There are many places where high school scholars can authentically publish their work. The Regeneron ISEF is one. In the school I lead, we had an ISEF first prize winner, $100,000 Siemens award winner, Broadcom masters first place winner, etc.
Quite frankly, this comes as no surprise since 1. Professors can also find such journals in which to publish their work and 2. Parents will stop at nothing to increase the chances of their student being admitted to a prestigious university. I am a longtime college counselor and I have seen deplorable behavior.
Here we see the end result of abandoning indices of merit: corruption. And it’s going to become increasingly prevalent as our society decays. As usual, the well-off will benefit, regardless of their race.
Activists and the media have spent decades promoting the big lie that standardized test scores are simply a function of parents’ income. In point of fact, test scores have a correlation of about 0.3 with parents’ income, and most of that is attributable to the genetic heritability of academic achievement, rather than to a true causal effect of parental income.
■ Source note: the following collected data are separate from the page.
(* If Lam preserves traces, so does Lam (x) id: the trace is the sum of diagonal blocks. *)
Lemma tr_apply_A k (X : 'M[algC]_(d * k)) :
  (forall Z, \tr (Lam Z) = \tr Z) -> \tr (apply_A (k := k) Lam X) = \tr X.
Proof.
move=> HT; rewrite /mxtrace; under eq_bigr do rewrite apply_AE.
rewrite sum_idx; under eq_bigr => a _ do under eq_bigr => b _ do rewrite ix1_idx ix2_idx.
rewrite exchange_big [RHS]sum_idx [RHS]exchange_big /=; apply: eq_bigr => b _.
by rewrite -[LHS]/(\tr (Lam (blk X b b))) HT; apply: eq_bigr => a _; rewrite mxE.
Qed.

End LiftedMap.

Lemma I2P (x : 'I_2) : x = 0 \/ x = 1.
Proof. by case: x => [[|[|n]] H] //; [left | right]; apply: val_inj. Qed.

Lemma sum2 (F : 'I_2 -> algC) : \sum_x F x = F 0 + F 1.
Proof. by rewrite big_ord_recl big_ord1; congr (F _ + F _); apply: val_inj. Qed.

Lemma eq4 (A B : 'M[algC]_(2 * 2)) :
  (forall b c b' c', A (idx b c) (idx b' c') = B (idx b c) (idx b' c')) -> A = B.
Proof. by move=> H; apply/matrixP => i j; rewrite -(idx_ix i) -(idx_ix j). Qed.

Lemma mul4E (A B : 'M[algC]_(2 * 2)) b c b' c' :
  (A *m B) (idx b c) (idx b' c') =
  A (idx b c) (idx 0 0) * B (idx 0 0) (idx b' c') +
  A (idx b c) (idx 0 1) * B (idx 0 1) (idx b' c') +
 (A (idx b c) (idx 1 0) * B (idx 1 0) (idx b' c') +
  A (idx b c) (idx 1 1) * B (idx 1 1) (idx b' c')).
Proof. by rewrite mxE sum_idx !sum2. Qed.

Lemma tr4 (A : 'M[algC]_(2 * 2)) :
  \tr A = A (idx 0 0) (idx 0 0) + A (idx 0 1) (idx 0 1) +
          (A (idx 1 0) (idx 1 0) + A (idx 1 1) (idx 1 1)).
Proof. by rewrite /mxtrace sum_idx !sum2. Qed.

Definition mk4 (f : 'I_2 -> 'I_2 -> 'I_2 -> 'I_2 -> nat) : 'M[algC]_(2 * 2) :=
  \matrix_(i, j) (f (ix1 i) (ix2 i) (ix1 j) (ix2 j))%:R.

Lemma mk4E f b c b' c' : mk4 f (idx b c) (idx b' c') = (f b c b' c')%:R.
Proof. by rewrite mxE !ix1_idx !ix2_idx. Qed.

Lemma adj_mk4 f : adjmx (mk4 f) = mk4 (fun b c b' c' => f b' c' b c).
Proof. by apply/matrixP => i j; rewrite adjmxE !mxE rmorph_nat. Qed.

Definition Podd := mk4 (fun b c b' c' => (b == b') && (c == c') && (b != c)).
Definition Peven := mk4 (fun b c b' c' => (b == b') && (c == c') && (b == c)).
Definition Qflip := mk4 (fun b c b' c' => (b == c) && (b' == c') && (b != b')).

Ltac case4 b c b' c' :=
  case: (I2P b) => ->; case: (I2P c) => ->; case: (I2P b') => ->; case: (I2P c') => ->.

Ltac check4 :=
  apply: eq4; let b := fresh "b" in let c := fresh "c" in
  let b' := fresh "b'" in let c' := fresh "c'" in
  intros b c b' c'; rewrite ?mul4E !mk4E ?mxE -?natrM -?natrD; case4 b c b' c'.

Lemma PoddPodd : Podd *m Podd = Podd. Proof. by check4. Qed.
Lemma PoddPeven : Podd *m Peven = 0. Proof. by check4. Qed.
Lemma PevenPodd : Peven *m Podd = 0. Proof. by check4. Qed.
Lemma PevenPeven : Peven *m Peven = Peven. Proof. by check4. Qed.
Lemma PoddQflip : Podd *m Qflip = 0. Proof. by check4. Qed.
Lemma QflipPodd : Qflip *m Podd = 0. Proof. by check4. Qed.
Lemma QflipQflip : Qflip *m Qflip = Peven. Proof. by check4. Qed.

Lemma adjPodd : adjmx Podd = Podd. Proof. by rewrite adj_mk4; check4. Qed.
Lemma adjPeven : adjmx Peven = Peven. Proof. by rewrite adj_mk4; check4. Qed.
Lemma adjQflip : adjmx Qflip = Qflip. Proof. by rewrite adj_mk4; check4. Qed.

Lemma trPodd : \tr Podd = 2. Proof. by rewrite tr4 !mk4E -!natrD. Qed.
Lemma trPeven : \tr Peven = 2. Proof. by rewrite tr4 !mk4E -!natrD. Qed.

Lemma psdPodd : psd Podd.
Proof. by rewrite -PoddPodd -{1}adjPodd; apply: psd_gram. Qed.
Lemma psdPeven : psd Peven.
Proof. by rewrite -PevenPeven -{1}adjPeven; apply: psd_gram. Qed.

Definition ptrans2 (Y : 'M[algC]_(2 * 2)) : 'M[algC]_(2 * 2) :=
  \matrix_(i, j) Y (idx (ix1 i) (ix2 j)) (idx (ix1 j) (ix2 i)).

Lemma ptransC_tens d m (X : 'M[algC]_(d * m)) (Y : 'M[algC]_(2 * 2)) :
  ptransC (tens_AB1 X Y) = tens_AB1 X (ptrans2 Y).
Proof.
apply/matrixP => i j; rewrite /ptransC /setC /idxC !mxE.
by rewrite !(ix1_idx, ix2_idx).
Qed.

Lemma ptransCD d m (A B : op4 d m) : ptransC (A + B) = ptransC A + ptransC B.
Proof. by apply/matrixP => i j; rewrite !mxE. Qed.

Lemma ptransCZ d m c (A : op4 d m) : ptransC (c *: A) = c *: ptransC A.
Proof. by apply/matrixP => i j; rewrite !mxE. Qed.

Definition invsqrt2 : algC := (sqrtC 2)^-1.

Lemma invsqrt2_real : invsqrt2 \is Num.real.
Proof. by rewrite ger0_real // /invsqrt2 invr_ge0 sqrtC_ge0 ler0n. Qed.

Lemma invsqrt2_sq : invsqrt2 * invsqrt2 = 2^-1.
Proof. by rewrite /invsqrt2 -invfM -expr2 sqrtCK. Qed.

Lemma projE n (v : 'cV[algC]_n) i j : proj v i j = v i 0 * (v j 0)^*.
Proof. by rewrite /proj mxE big_ord1 adjmxE. Qed.

Lemma psi_plusE b c : psi_plus (idx b c) 0 =
  invsqrt2 * ((b == 0) && (c == 1) + (b == 1) && (c == 0))%:R.
Proof. by rewrite /psi_plus /ket2 !mxE !idx_eq !eqxx !andbT natrD. Qed.

Lemma psi_minusE b c : psi_minus (idx b c) 0 =
  invsqrt2 * (((b == 0) && (c == 1))%:R - ((b == 1) && (c == 0))%:R).
Proof. by rewrite /psi_minus /ket2 !mxE !idx_eq !eqxx !andbT. Qed.

Lemma ptrans2_psi_plus : ptrans2 (proj psi_plus) = 2^-1 *: (Podd + Qflip).
Proof.
apply: eq4 => b c b' c'.
rewrite mxE !(ix1_idx, ix2_idx) projE !psi_plusE conj_Creal; last first.
  by rewrite rpredM ?invsqrt2_real ?realn.
rewrite mulrACA invsqrt2_sq !mxE !(ix1_idx, ix2_idx).
by case4 b c b' c'; rewrite /= ?mulr1n ?mulr0n; ring.
Qed.

Lemma ptrans2_psi_minus : ptrans2 (proj psi_minus) = 2^-1 *: (Podd - Qflip).
Proof.
apply: eq4 => b c b' c'.
rewrite mxE !(ix1_idx, ix2_idx) projE !psi_minusE conj_Creal; last first.
  by rewrite rpredM ?invsqrt2_real // rpredB ?realn.
rewrite mulrACA invsqrt2_sq !mxE !(ix1_idx, ix2_idx).
by case4 b c b' c'; rewrite /= ?mulr1n ?mulr0n; ring.
Qed.

Lemma ptransC_bell_mixture d m (X1 X2 : 'M[algC]_(d * m)) (p1 p2 : algC) :
  ptransC (p1 *: tens_AB1 X1 (proj psi_plus) + p2 *: tens_AB1 X2 (proj psi_minus)) =
  2^-1 *: (tens_AB1 (p1 *: X1 + p2 *: X2) Podd + tens_AB1 (p1 *: X1 - p2 *: X2) Qflip).
Proof.
rewrite ptransCD !ptransCZ !ptransC_tens ptrans2_psi_plus ptrans2_psi_minus.
by apply/matrixP => i j; rewrite !mxE; ring.
Qed.

Lemma sq_Podd_Qflip d m (X Y : 'M[algC]_(d * m)) :
  let N := tens_AB1 X Podd + tens_AB1 Y Qflip in
  N *m N = tens_AB1 (X *m X) Podd + tens_AB1 (Y *m Y) Peven.
Proof.
rewrite /= mulmxDl !mulmxDr !tens_mul PoddPodd PoddQflip QflipPodd QflipQflip.
by rewrite !tens0r addr0 add0r.
Qed.

Lemma sq_Podd_Peven d m (X Z : 'M[algC]_(d * m)) :
  let N := tens_AB1 X Podd + tens_AB1 Z Peven in
  N *m N = tens_AB1 (X *m X) Podd + tens_AB1 (Z *m Z) Peven.
Proof.
rewrite /= mulmxDl !mulmxDr !tens_mul PoddPodd PoddPeven PevenPodd PevenPeven.
by rewrite !tens0r addr0 add0r.
Qed.

(* Trace norm of X (x) Podd + Y (x) Qflip for PSD X and Hermitian Y: its modulus is
   X (x) Podd + |Y| (x) Peven, so ||.||_1 = 2 (Tr X + ||Y||_1). *)
Lemma trnorm_Podd_Qflip d m (X Y : 'M[algC]_(d * m)) : psd X -> adjmx Y = Y ->
  trnorm (tens_AB1 X Podd + tens_AB1 Y Qflip) = 2 * (\tr X + trnorm Y).
Proof.
move=> pX hY; have [pR RR] := psd_sqrt_spec (psd_gram Y).
set R := psd_sqrt _ in pR RR.
have hN : adjmx (tens_AB1 X Podd + tens_AB1 Y Qflip) = tens_AB1 X Podd + tens_AB1 Y Qflip.
  by rewrite adjmxD !adjmx_tens pX.1 hY adjPodd adjQflip.
rewrite (@trnorm_charact _ _ (tens_AB1 X Podd + tens_AB1 R Peven)).
- by rewrite /trnorm -/R mxtraceD !tr_tens trPodd trPeven [RHS]mulrC mulrDl.
- exact: psdD (psd_tens pX psdPodd) (psd_tens pR psdPeven).
- by rewrite hN sq_Podd_Peven sq_Podd_Qflip RR hY.
Qed.

Unset Implicit Arguments.

Theorem mainTheorem4 (d m d' : nat)
    (rho1 rho2 : 'M[algC]_(d * m)) (p1 p2 : algC)
    (Hrho1 : density rho1) (Hrho2 : density rho2)
    (Hp1 : 0 <= p1) (Hp2 : 0 <= p2) (Hp : p1 + p2 = 1)
    (Lam : {linear 'M[algC]_d -> 'M[algC]_d'}) (HLam : CPTP Lam) :
  let rho : op4 d m :=
    p1 *: tens_AB1 rho1 (proj psi_plus) + p2 *: tens_AB1 rho2 (proj psi_minus) in
  negativity_ABC (apply_A (k := m * (2 * 2)) Lam rho) =
    trnorm (apply_A (k := m) Lam (p1 *: rho1 - p2 *: rho2)) / 2.
Proof.
move=> rho; have [HCP HTP] := HLam.
set s1 := apply_A (k := m) Lam rho1; set s2 := apply_A (k := m) Lam rho2.
have [ps1 ps2] : psd s1 /\ psd s2 by split; apply: HCP; [exact: Hrho1.1 | exact: Hrho2.1].
have tr1 : \tr s1 = 1 by rewrite tr_apply_A //; exact: Hrho1.2.
have tr2 : \tr s2 = 1 by rewrite tr_apply_A //; exact: Hrho2.2.
have pS : psd (p1 *: s1 + p2 *: s2) by apply: psdD; apply: psdZ.
have trS : \tr (p1 *: s1 + p2 *: s2) = 1 by rewrite mxtraceD !mxtraceZ tr1 tr2 !mulr1.
have hD : adjmx (p1 *: s1 - p2 *: s2) = p1 *: s1 - p2 *: s2.
  by rewrite adjmxD adjmxN !adjmxZ ps1.1 ps2.1 !geC0_conj.
rewrite /negativity_ABC /rho apply_AD !apply_AZ !apply_A_tens ptransC_bell_mixture.
rewrite apply_AB !apply_AZ trnormZ ?invr_ge0 ?ler0n // trnorm_Podd_Qflip // trS.
by rewrite mulrA mulVf ?pnatr_eq0 // mul1r addrC addKr.
Qed.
In fact, not only are high standardized test scores not particularly susceptible to the influence of parental income, but they are arguably the component of a college application least susceptible to the influence of parental income. The elimination of standardized has made admissions to elite universities easier to buy, not harder.
Where there are market imperfections there will be arbitrage. I live my life as an utilitarist and that has helped keeping my blood pressure low tremendously. I don’t get upset about arbitrage of market imperfections (the higher education market is very imperfect) and I don’t operate on emotions (thanks you too Ayn Rand).
Now here’s an area where IA will help tremendously. Including in filtering out bogus applicants based on a multifactor analysis. Provided the Unis use it honestly.
Note that this new scam (unlike the old ones) is legal. Of course, this scam will make it easier for very rich parents to buy their way into elite schools. The ACT/SAT made it too easy for (very bright) middle-class kids to get into elite schools. Under James Conant, Harvard was a leader in promoting the SAT to make admission more meritocratic. Now, Harvard goes to extremes to make admissions less meritocratic.